Les rencontres ont été réglées par le tirage au sort et l'UEFA a ensuite mis en place un calendrier en fonction aussi des retransmissions TV. On ne pouvait rien y changer. C'est difficile de se prononcer. Mais, au niveau des exigences, de performance plus que de résultats, je veux encore augmenter le niveau. Notre groupe est très difficile et la Lituanie reste l'adversaire le plus abordable. Je serai encore plus exigeant, je vais demander encore plus d'investissement personnel, de volonté, de combativité. En fonction des entraînements, je mettrai mon onze de base en place. Nous avons un cadre très technique, mais dans notre groupe ça ne suffira pas, il faudra des efforts et de la discipline. Surtout au niveau défensif.

  • Vous parlez de la défense, avez-vous encore l'idée de positionner une défense à trois ou à cinq?

Le problème n'est pas l'organisation, le souci est de garder nos principes de jeu tout en changeant quelques petits détails dans notre animation. Contre l'Ukraine, il y a quelques années (0-3, 15.11.2014), nous avions une défense à quatre mais dans notre animation offensive nous construisions à trois.
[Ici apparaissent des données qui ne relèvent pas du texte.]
Section Relaxation.

Variable g : (Z -> R) -> Z -> R.
Hypothesis g_solves : forall y j, rL < g y j < rU /\
  (in_box rL rU y -> in_range N j -> bulk_force y j (g y j) = Phi j).

(* One sweep of the nonlinear Jacobi iteration for the atomistic equations. *)
Definition relax (y : Z -> R) (j : Z) : R := if (Z.abs j <? K)%Z then g y j else c j.

Lemma relax_bounds y j : rL < relax y j < rU.
Proof.
  unfold relax. destruct (Z.abs j <? K)%Z.
  - destruct (g_solves y j). lra.
  - destruct (c_solves j). lra.
Qed.

Lemma relax_continuum y j : (K <= Z.abs j)%Z -> relax y j = c j.
Proof. intros Hj. unfold relax. destruct (Z.ltb_spec (Z.abs j) K); [lia | reflexivity]. Qed.

Lemma relax_contraction y y' M : in_box rL rU y -> in_box rL rU y' ->
  (forall i, Rabs (y i - y' i) <= M) ->
  forall i, Rabs (relax y i - relax y' i) <= 3 * m / (p - 2 * m) * M.
Proof.
  intros Hy Hy' HM i. pose proof m_ge0.
  assert (HM0 : 0 <= M) by (eapply Rle_trans; [apply Rabs_pos | apply (HM i)]).
  destruct (Z.ltb_spec (Z.abs i) K) as [Hi|Hi].
  - assert (Hir : in_range N i) by (unfold in_range; lia).
    unfold relax. destruct (Z.ltb_spec (Z.abs i) K); [|lia].
    destruct (g_solves y i) as [Hg Hgs]. destruct (g_solves y' i) as [Hg' Hgs'].
    pose proof (expanding_dist (bulk_force y i) rL rU (p - 2 * m) (g y' i) (g y i)
      (bulk_force_expanding y i Hy) ltac:(lra) ltac:(lra)) as Hexp.
    rewrite (Hgs Hy Hir), <- (Hgs' Hy' Hir) in Hexp.
    pose proof (bulk_force_lipschitz y' y i (g y' i) M Hy' Hy
      ltac:(intros j; rewrite Rabs_minus_sym; apply HM) ltac:(lra)).
    apply (Rmult_le_reg_l (p - 2 * m)); [lra|].
    replace ((p - 2 * m) * (3 * m / (p - 2 * m) * M)) with (3 * m * M) by (field; lra).
    lra.
  - rewrite !relax_continuum, Rminus_diag, Rabs_R0 by assumption.
    apply Rmult_le_pos; [apply Rdiv_le_0_compat|]; lra.
Qed.

Lemma relax_fixpoint_solves x : in_box rL rU x -> relax x = x ->
  forall j, in_range N j -> psiF eta K x j = Phi j.
Proof.
  intros Hx Hfix j Hj.
  assert (Hc : forall i, (K <= Z.abs i)%Z -> x i = c i)
    by (intros i Hi; rewrite <- Hfix; apply relax_continuum, Hi).
  destruct (Z_le_gt_dec K (Z.abs j)) as [Hout|Hin].
  - rewrite psiF_outer, Hc by assumption. apply c_solves, Hj.
  - rewrite psiF_bulk by (try apply Hc; lia).
    assert (Hxj : x j = g x j).
    { rewrite <- (equal_f Hfix j) at 1. unfold relax.
      destruct (Z.ltb_spec (Z.abs j) K); [reflexivity | lia]. }
    rewrite Hxj. apply g_solves; assumption.
Qed.

Section Uniqueness.

Variable r : Z -> R.
Hypothesis r_bounds : forall j, in_range N j -> rL < r j < rU.
Hypothesis r_solves : forall j, in_range N j -> psiF eta K r j = Phi j.

Definition splice (i : Z) : R := if (Z.abs i <? K)%Z then r i else c i.

Lemma solution_continuum j : in_range N j -> (K <= Z.abs j)%Z -> r j = c j.
Proof.
  intros Hj HK. pose proof m_ge0. destruct (c_solves j) as [Hcb Hcs].
  apply (expanding_inj (etahat eta) rL rU (p - 4 * m)); [lra| exact etahat_expanding| | |].
  - specialize (r_bounds j Hj). lra.
  - lra.
  - rewrite <- (psiF_outer eta K r j HK), (r_solves j Hj), (Hcs Hj). reflexivity.
Qed.

Lemma splice_agrees j : in_range N j -> splice j = r j.
Proof.
  intros Hj. unfold splice. destruct (Z.ltb_spec (Z.abs j) K); [reflexivity|].
  symmetry. apply solution_continuum; [assumption | lia].
Qed.

Lemma splice_in_box : in_box rL rU splice.
Proof.
  intros i. unfold splice. destruct (Z.ltb_spec (Z.abs i) K) as [Hi|Hi].
  - assert (in_range N i) as Hir%r_bounds by (unfold in_range; lia). lra.
  - destruct (c_solves i). lra.
Qed.

Lemma splice_continuum j : (K <= Z.abs j)%Z -> splice j = c j.
Proof. intros Hj. unfold splice. destruct (Z.ltb_spec (Z.abs j) K); [lia | reflexivity]. Qed.

Lemma splice_relax_fixpoint : relax splice = splice.
Proof.
  apply functional_extensionality. intros i.
  destruct (Z.ltb_spec (Z.abs i) K) as [Hi|Hi];
    [| rewrite relax_continuum, splice_continuum by assumption; reflexivity].
  assert (Hir : in_range N i) by (unfold in_range; lia).
  pose proof m_ge0. destruct (g_solves splice i) as [Hg Hgs].
  unfold relax. destruct (Z.ltb_spec (Z.abs i) K); [|lia].
  apply (expanding_inj (bulk_force splice i) rL rU (p - 2 * m));
    [lra | apply bulk_force_expanding, splice_in_box | lra | apply splice_in_box |].
  rewrite (Hgs splice_in_box Hir), <- psiF_bulk by (try apply splice_continuum; lia).
  rewrite <- (r_solves i Hir). apply psiF_ext.
  intros j Hj. symmetry. apply splice_agrees. unfold in_range. lia.
Qed.

End Uniqueness.

End Relaxation.

End Bulk.
Lemma private_common_nbr_noverlap s t : s \in S -> t \in S -> s != t ->
  private_common_nbr s t -> ~~ overlap s t.
Proof.
move=> sS tS st /existsP[w /and4P[w1 wsS wtS /forall_inP onlyst]].
apply/negP => /(overlap_transp_chain (transpS sS) (transpS tS) st).
case=> i [j [k [ij jk ik sE tE]]].
rewrite cay_adjS // in wsS; rewrite cay_adjS // in wtS.
have wsE := transp_mulgK w (transpS sS); have wtE := transp_mulgK w (transpS tS).
have kj : k != j by rewrite eq_sym.
have ji : j != i by rewrite eq_sym.
have ki : k != i by rewrite eq_sym.
have E : (w * s) * tperm i j = (w * t) * tperm j k by rewrite -sE -tE wsE wtE.
have E' : (w * t) * tperm k j = (w * s) * tperm j i.
  by rewrite tpermC (tpermC j i) E.
have ws_ij : w * s != tperm i j by rewrite -sE (transp_mulg_neq (transpS sS) w1).
have wt_kj : w * t != tperm k j by rewrite tpermC -tE (transp_mulg_neq (transpS tS) w1).
have ik_ij : tperm i k != tperm i j.
  by apply/eqP=> /permP/(_ i); rewrite !tpermL => /eqP; rewrite eq_sym (negbTE jk).
have ik_jk : tperm i k != tperm j k.
  by apply/eqP=> /permP/(_ k); rewrite !tpermR => /eqP; rewrite (negbTE ij).
have third_nbr : tperm i k \in S -> w * tperm i k \in S -> False.
  move=> ikS wikS; move: (onlyst _ ikS); rewrite cay_adjS // wikS sE tE /=.
  by rewrite (negbTE ik_ij) (negbTE ik_jk).
(* Either w equals both (jk)(ij) and (ij)(jk), or (ik) lies in S and is a third
   neighbour of w. *)
have [wsE'|wsE'] := tperm_chain_mul_factor ij jk ik (transpS wsS) (transpS wtS) E ws_ij.
  have [wtE'|wtE'] :=
    tperm_chain_mul_factor kj ji ki (transpS wtS) (transpS wsS) E' wt_kj.
    have w_ijjk : w = tperm i j * tperm j k by rewrite -wtE wtE' tE tpermC.
    have w_jkij : w = tperm j k * tperm i j by rewrite -wsE wsE' sE.
    by move: (tperm_chain_noncommute ij jk ik); rewrite -w_ijjk -w_jkij eqxx.
  apply: third_nbr; first by rewrite tpermC -wtE'.
  rewrite -wtE wtE' tE (tpermC k i) mulg_tpermJ.
  by rewrite tpermJ tpermR tpermD // tpermC -sE.
apply: third_nbr; first by rewrite -wsE'.
rewrite -wsE wsE' sE mulg_tpermJ.
by rewrite tpermJ tpermL tpermD // tpermC -tE.
Qed.

Lemma noverlap_private_common_nbr s t : s \in S -> t \in S -> s != t ->
  ~~ overlap s t -> private_common_nbr s t.
Proof.
move=> sS tS st d; have ts := transpS sS; have tt := transpS tS.
apply/existsP; exists (s * t); rewrite !cay_adjS // transp_mul_neq1 ?transpS //.
rewrite transp_mulgK // {1}(noverlap_transp_commute ts tt d) transp_mulgK // sS tS /=.
apply/forall_inP => x xS; rewrite cay_adjS //; apply/implyP => stxS.
have E : s * t = (s * t * x) * x by rewrite transp_mulgK //; apply: transpS.
by case: (noverlap_transp_factor ts tt (transpS stxS) (transpS xS) d E) => ->;
  rewrite eqxx ?orbT.
Qed.

Lemma private_common_nbrE s t : s \in S -> t \in S -> s != t ->
  private_common_nbr s t = ~~ overlap s t.
Proof.
move=> sS tS st; apply/idP/idP.
  exact: private_common_nbr_noverlap.
exact: noverlap_private_common_nbr.
Qed.

Section CommonNeighbour.
Variables (s t u w : {perm 'I_n}).
Hypotheses (sS : s \in S) (tS : t \in S) (uS : u \in S).
Hypotheses (st : s != t) (su : s != u) (tu : t != u).
Hypotheses (w1 : w != 1) (wsS : w * s \in S) (wtS : w * t \in S) (wuS : w * u \in S).

Let s_tr := transpS sS.
Let t_tr := transpS tS.
Let u_tr := transpS uS.
Let ws_neq : w * s != s := transp_mulg_neq s_tr w1.

Lemma common_nbr3_overlap : overlap s t.
Proof.
apply: contraT => d.
have E : (w * s) * s = (w * t) * t by rewrite !transp_mulgK.
have wsE : w * s = t.
  case: (t_tr) => p [q [pq tE]].
  have tp : t p != p by rewrite tE tpermL eq_sym.
  have tq : t q != q by rewrite tE tpermR.
  have d' : ~~ overlap t s by rewrite overlapC.
  have moved r : t r != r -> (w * s) r != r.
    move=> tr; move: (transp_mul_support (transpS wsS) s_tr (transpS wtS) t_tr
      ws_neq E tr).
    by rewrite (noverlap_fix d' tr) eqxx orbF.
  exact: transp_eq_moved2 (transpS wsS) t_tr pq (moved p tp) (moved q tq) tp tq.
have E' : t * s = (w * u) * u by rewrite -wsE !transp_mulgK.
have d' : ~~ overlap t s by rewrite overlapC.
case: (noverlap_transp_factor t_tr s_tr (transpS wuS) u_tr d' E') => uE.
  by move: tu; rewrite uE eqxx.
by move: su; rewrite uE eqxx.
Qed.

Lemma common_nbr3_conj : u = s ^ t.
Proof.
have [i [j [k [ij jk ik sE tE]]]] :=
  overlap_transp_chain s_tr t_tr st common_nbr3_overlap.
have E : (w * s) * tperm i j = (w * t) * tperm j k by rewrite -sE -tE !transp_mulgK.
have ws_ij : w * s != tperm i j by rewrite -sE.
have wsE := tperm_chain_mul_factor ij jk ik (transpS wsS) (transpS wtS) E ws_ij.
have E' : (w * s) * s = (w * u) * u by rewrite !transp_mulgK.
have u_on_ijk z : u z != z -> [|| z == i, z == j | z == k].
  move=> uz; case/orP: (transp_mul_support (transpS wsS) s_tr (transpS wuS) u_tr
    ws_neq E' uz).
    by case: wsE => ->; rewrite tperm_movesE // => /orP[]/eqP->; rewrite eqxx ?orbT.
  by rewrite sE tperm_movesE // => /orP[]/eqP->; rewrite eqxx ?orbT.
have u_ij : u != tperm i j by rewrite -sE eq_sym.
have u_jk : u != tperm j k by rewrite -tE eq_sym.
by rewrite (transp_on3 ij jk ik u_tr u_on_ijk u_ij u_jk) sE tE
  tperm_chain_conj.
Qed.

End CommonNeighbour.

Lemma common_nbr3E s t u : s \in S -> t \in S -> u \in S ->
  s != t -> s != u -> t != u ->
  common_nbr3 s t u = overlap s t && (u == s ^ t).
Proof.
move=> sS tS uS st su tu; apply/idP/idP.
  case/existsP=> w /and4P[w1]; rewrite !cay_adjS // => wsS wtS wuS.
  rewrite (common_nbr3_overlap sS tS uS su tu w1 wsS wtS wuS) /=.
  by rewrite (common_nbr3_conj sS tS uS st su tu w1 wsS wtS wuS).
case/andP=> stO /eqP uE; have ts := transpS sS; have tt := transpS tS.
have [i [j [k [ij jk ik sE tE]]]] := overlap_transp_chain ts tt st stO.
apply/existsP; exists (s * t); rewrite !cay_adjS // transp_mul_neq1 ?transpS //.
rewrite [s * t * t]transp_mulgK // sS /=; apply/andP; split.
  have uE' : u = tperm i k by rewrite uE sE tE tperm_chain_conj.
  by rewrite {1 2}sE mulg_tpermJ tE tpermJ tpermR tpermD // -uE'.
by rewrite uE /conjg transpV // !mulgA transp_mulgK // transp_mulss // mul1g.
Qed.

Lemma cay_stab_neq1 f w : f \in cay_stab S -> w != 1 -> f w != 1.
Proof.
rewrite cay_stabE => /andP[_ /eqP f1].
by apply: contra => /eqP; rewrite -{1}f1 => /perm_inj ->.
Qed.
(* Let $\nu\ge0$, $\epsilon\in\{0,1\}$, $\zeta$ real with $K:=1+\zeta\nu^2\neq0$, $s:=\zeta+\sqrt\nu$, and write $E=\exp(3\delta/(2K))$. Consider the system for functions $U,m,\gamma,\delta,\beta$ of $(X,T)$: $$m=\nu^2U_{XX}-\epsilon U,\qquad m_T=-m_XU-2mU_X+\tfrac23(1-\nu^{5/2})U_{XXX},$$ $$\gamma_X=-\frac{3}{4K}\gamma^2+m+\tfrac13\epsilon s,\qquad \gamma_T=\Big[\tfrac23K U_X-\tfrac23 s\gamma-\gamma U\Big]_X,$$ $$\delta_X=\gamma,\qquad \delta_T=\tfrac23KU_X-\tfrac23s\gamma-U\gamma,$$ $$\beta_X=\big[\nu^2m+\tfrac13\epsilon(\nu^{5/2}-1)\big]E,$$ $$\beta_T=\Big[-\tfrac13(\nu^{5/2}-1)(2m+\epsilon U)-\tfrac12\gamma^2+\tfrac29\epsilon(2\zeta+\zeta^2\nu^2-\nu^3+2\sqrt\nu)-\nu^2Um\Big]E,$$ whose equations are mutually compatible. Define $$Q_U=\gamma E,\quad Q_m=\Big[\nu^2m_X+\frac{3\nu^2\gamma}{K}m+\gamma\epsilon\frac{\nu^{5/2}-1}{K}\Big]E,\quad Q_\gamma=\big[\nu^2m+\tfrac13\epsilon(\nu^{5/2}-1)\big]E,$$ $$Q_\delta=\beta,\qquad Q_\beta=\nu^2\big[\nu^2m+\tfrac13\epsilon(\nu^{5/2}-1)\big]E^2+\frac{3}{4K}\beta^2 .$$ Then the evolutionary vector field $W=Q_U\partial_U+Q_m\partial_m+Q_\gamma\partial_\gamma+Q_\delta\partial_\delta+Q_\beta\partial_\beta$ is a symmetry of the system: for every smooth solution $(U,m,\gamma,\delta,\beta)$, the deformed tuple $(U+\tau Q_U,\,m+\tau Q_m,\,\gamma+\tau Q_\gamma,\,\delta+\tau Q_\delta,\,\beta+\tau Q_\beta)$ (with the $Q$'s evaluated on the solution) satisfies all equations of the system up to terms of order $\tau^2$. *)

From Stdlib Require Import Reals List.
From Coquelicot Require Import Coquelicot.
Open Scope R_scope.

Definition dX (f : R -> R -> R) : R -> R -> R :=
  fun x t => Derive (fun y => f y t) x.
Definition dT (f : R -> R -> R) : R -> R -> R :=
  fun x t => Derive (fun s => f x s) t.

Fixpoint pd (w : list bool) (f : R -> R -> R) : R -> R -> R :=
  match w with
  | nil => f
  | true :: w' => dX (pd w' f)
  | false :: w' => dT (pd w' f)
  end.

Definition smooth2 (f : R -> R -> R) : Prop :=
  forall w : list bool,
    (forall x t, ex_derive (fun y => pd w f y t) x /\
                 ex_derive (fun s => pd w f x s) t) /\
    (forall p : R * R, continuous (fun q : R * R => pd w f (fst q) (snd q)) p).

Section Sys.
Variables nu eps zeta : R.

Definition Kc : R := 1 + zeta * nu ^ 2.
Definition sc : R := zeta + sqrt nu.
(* nu^(5/2) for nu >= 0 *)
Definition nu52 : R := nu ^ 2 * sqrt nu.

Definition Ef (d : R -> R -> R) : R -> R -> R :=
  fun x t => exp (3 * d x t / (2 * Kc)).

Inductive eqn := Em | EmT | EgX | EgT | EdX | EdT | EbX | EbT.

Definition residual (e : eqn) (U m g d b : R -> R -> R) : R -> R -> R :=
  fun x t =>
  match e with
  | Em => m x t - (nu ^ 2 * dX (dX U) x t - eps * U x t)
  | EmT => dT m x t - (- dX m x t * U x t - 2 * m x t * dX U x t
                       + 2 / 3 * (1 - nu52) * dX (dX (dX U)) x t)
  | EgX => dX g x t - (- (3 / (4 * Kc)) * (g x t) ^ 2 + m x t + 1 / 3 * eps * sc)
  | EgT => dT g x t -
           dX (fun y s => 2 / 3 * Kc * dX U y s - 2 / 3 * sc * g y s - g y s * U y s) x t
  | EdX => dX d x t - g x t
  | EdT => dT d x t - (2 / 3 * Kc * dX U x t - 2 / 3 * sc * g x t - U x t * g x t)
  | EbX => dX b x t - (nu ^ 2 * m x t + 1 / 3 * eps * (nu52 - 1)) * Ef d x t
  | EbT => dT b x t -
           (- 1 / 3 * (nu52 - 1) * (2 * m x t + eps * U x t) - 1 / 2 * (g x t) ^ 2
            + 2 / 9 * eps * (2 * zeta + zeta ^ 2 * nu ^ 2 - nu ^ 3 + 2 * sqrt nu)
            - nu ^ 2 * U x t * m x t) * Ef d x t
  end.

Definition is_solution (U m g d b : R -> R -> R) : Prop :=
  forall e x t, residual e U m g d b x t = 0.

Definition QU (U m g d b : R -> R -> R) : R -> R -> R :=
  fun x t => g x t * Ef d x t.
Definition Qm (U m g d b : R -> R -> R) : R -> R -> R :=
  fun x t => (nu ^ 2 * dX m x t + 3 * nu ^ 2 * g x t / Kc * m x t
              + g x t * eps * (nu52 - 1) / Kc) * Ef d x t.
Definition Qg (U m g d b : R -> R -> R) : R -> R -> R :=
  fun x t => (nu ^ 2 * m x t + 1 / 3 * eps * (nu52 - 1)) * Ef d x t.
Definition Qd (U m g d b : R -> R -> R) : R -> R -> R := b.
Definition Qb (U m g d b : R -> R -> R) : R -> R -> R :=
  fun x t => nu ^ 2 * (nu ^ 2 * m x t + 1 / 3 * eps * (nu52 - 1)) * (Ef d x t) ^ 2
             + 3 / (4 * Kc) * (b x t) ^ 2.

Definition deform (tau : R) (f q : R -> R -> R) : R -> R -> R :=
  fun x t => f x t + tau * q x t.

End Sys.

From Stdlib Require Import Reals Lra List FunctionalExtensionality.
From Coquelicot Require Import Coquelicot.
Open Scope R_scope.

(* Every deformed residual is a polynomial in [tau], except in the two beta-equations,
   where deforming [delta] by [tau * beta] multiplies [E] by [exp (3 tau beta / (2 K))].
   The [tau ^ 0] coefficient is the residual of the solution itself, and the [tau ^ 1]
   coefficient is the linearisation of the system in the direction W, which vanishes once
   every partial derivative of the characteristics is rewritten through the system
   ([delta_X = gamma], [m_X] and [m_XX] from [m = nu^2 U_XX - eps U], [m_XT] by Schwarz).
   So the polynomial residuals are [tau ^ 2] times their value at [tau = 1], and the
   beta-residuals differ from such a polynomial by a quadratic in [tau] times
   [exp (tau k) - 1 - tau k] = O(tau ^ 2). *)

Lemma smooth2_ex_derive_X (f : R -> R -> R) (w : list bool) x t :
  smooth2 f -> ex_derive (fun y => pd w f y t) x.
Proof. intros Hf. exact (proj1 (proj1 (Hf w) x t)). Qed.

Lemma smooth2_ex_derive_T (f : R -> R -> R) (w : list bool) x t :
  smooth2 f -> ex_derive (fun s => pd w f x s) t.
Proof. intros Hf. exact (proj2 (proj1 (Hf w) x t)). Qed.

Lemma smooth2_dXdT (f : R -> R -> R) x t : smooth2 f -> dX (dT f) x t = dT (dX f) x t.
Proof.
intros Hf. apply (Schwarz f x t).
- exists (mkposreal 1 Rlt_0_1). intros u v _ _.
  repeat split; [exact (smooth2_ex_derive_X f nil u v Hf)
                | exact (smooth2_ex_derive_T f nil u v Hf)
                | exact (smooth2_ex_derive_X f (false :: nil) u v Hf)
                | exact (smooth2_ex_derive_T f (true :: nil) u v Hf)].
- apply continuity_2d_pt_filterlim. exact (proj2 (Hf (true :: false :: nil)) (x, t)).
- apply continuity_2d_pt_filterlim. exact (proj2 (Hf (false :: true :: nil)) (x, t)).
Qed.

Lemma dX_ext (f : R -> R -> R) (h : R -> R) x t :
  (forall y, f y t = h y) -> dX f x t = Derive h x.
Proof. intros Hfh. exact (Derive_ext _ _ x Hfh). Qed.

Lemma dX_deform tau (f q : R -> R -> R) :
  (forall x t, ex_derive (fun y => f y t) x) -> (forall x t, ex_derive (fun y => q y t) x) ->
  dX (deform tau f q) = deform tau (dX f) (dX q).
Proof.
intros Hf Hq. do 2 (apply functional_extensionality; intro).
unfold dX, deform. apply is_derive_unique. auto_derive; [auto | ring].
Qed.

Lemma dT_deform tau (f q : R -> R -> R) :
  (forall x t, ex_derive (fun s => f x s) t) -> (forall x t, ex_derive (fun s => q x s) t) ->
  dT (deform tau f q) = deform tau (dT f) (dT q).
Proof.
intros Hf Hq. do 2 (apply functional_extensionality; intro).
unfold dT, deform. apply is_derive_unique. auto_derive; [auto | ring].
Qed.

Lemma Rabs_exp_taylor1_le y : Rabs y <= 1 / 2 -> Rabs (exp y - 1 - y) <= 2 * y ^ 2.
Proof.
intros Hy. apply Rabs_le_between in Hy.
assert (Hlow := exp_ineq1_le y). assert (Hlow' := exp_ineq1_le (- y)).
assert (Hinv : exp y * exp (- y) = 1) by (rewrite <- exp_plus, Rplus_opp_r; apply exp_0).
assert (Hpos := exp_pos y).
assert (Hup : exp y * (1 - y) <= 1) by nra.
rewrite Rabs_pos_eq by lra. nra.
Qed.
On pourrait retrouver ce scénario sur certains matches. Une défense à trois ou à cinq reste dans mes idées mais ce sera toujours en fonction des joueurs que j'ai à disposition et de nos adversaires. 

  • Vous n'avez pas organisé de stage à l'étranger. Pourquoi?

Pour laisser les joueurs à disposition des clubs.

  • La campagne de l'Euro 2020 se termine au Portugal le 11 octobre. Votre contrat à la FLF prend fin en décembre. Souhaitez-vous être fixé rapidement?

Oui, bien sûr. Je discute souvent avec mes responsables et je me doute que le sujet va arriver sur la table prochainement. Cela fait dix ans que je suis à la fédération et le plus important reste toujours la relation que j'ai avec mes joueurs. Si je ressens toujours cette envie de travailler ensemble, d'aller toujours de l'avant, alors il n'y a pas de raison de partir. Le jour où je ne ressentirai plus ce feeling, j'arrêterai de moi-même.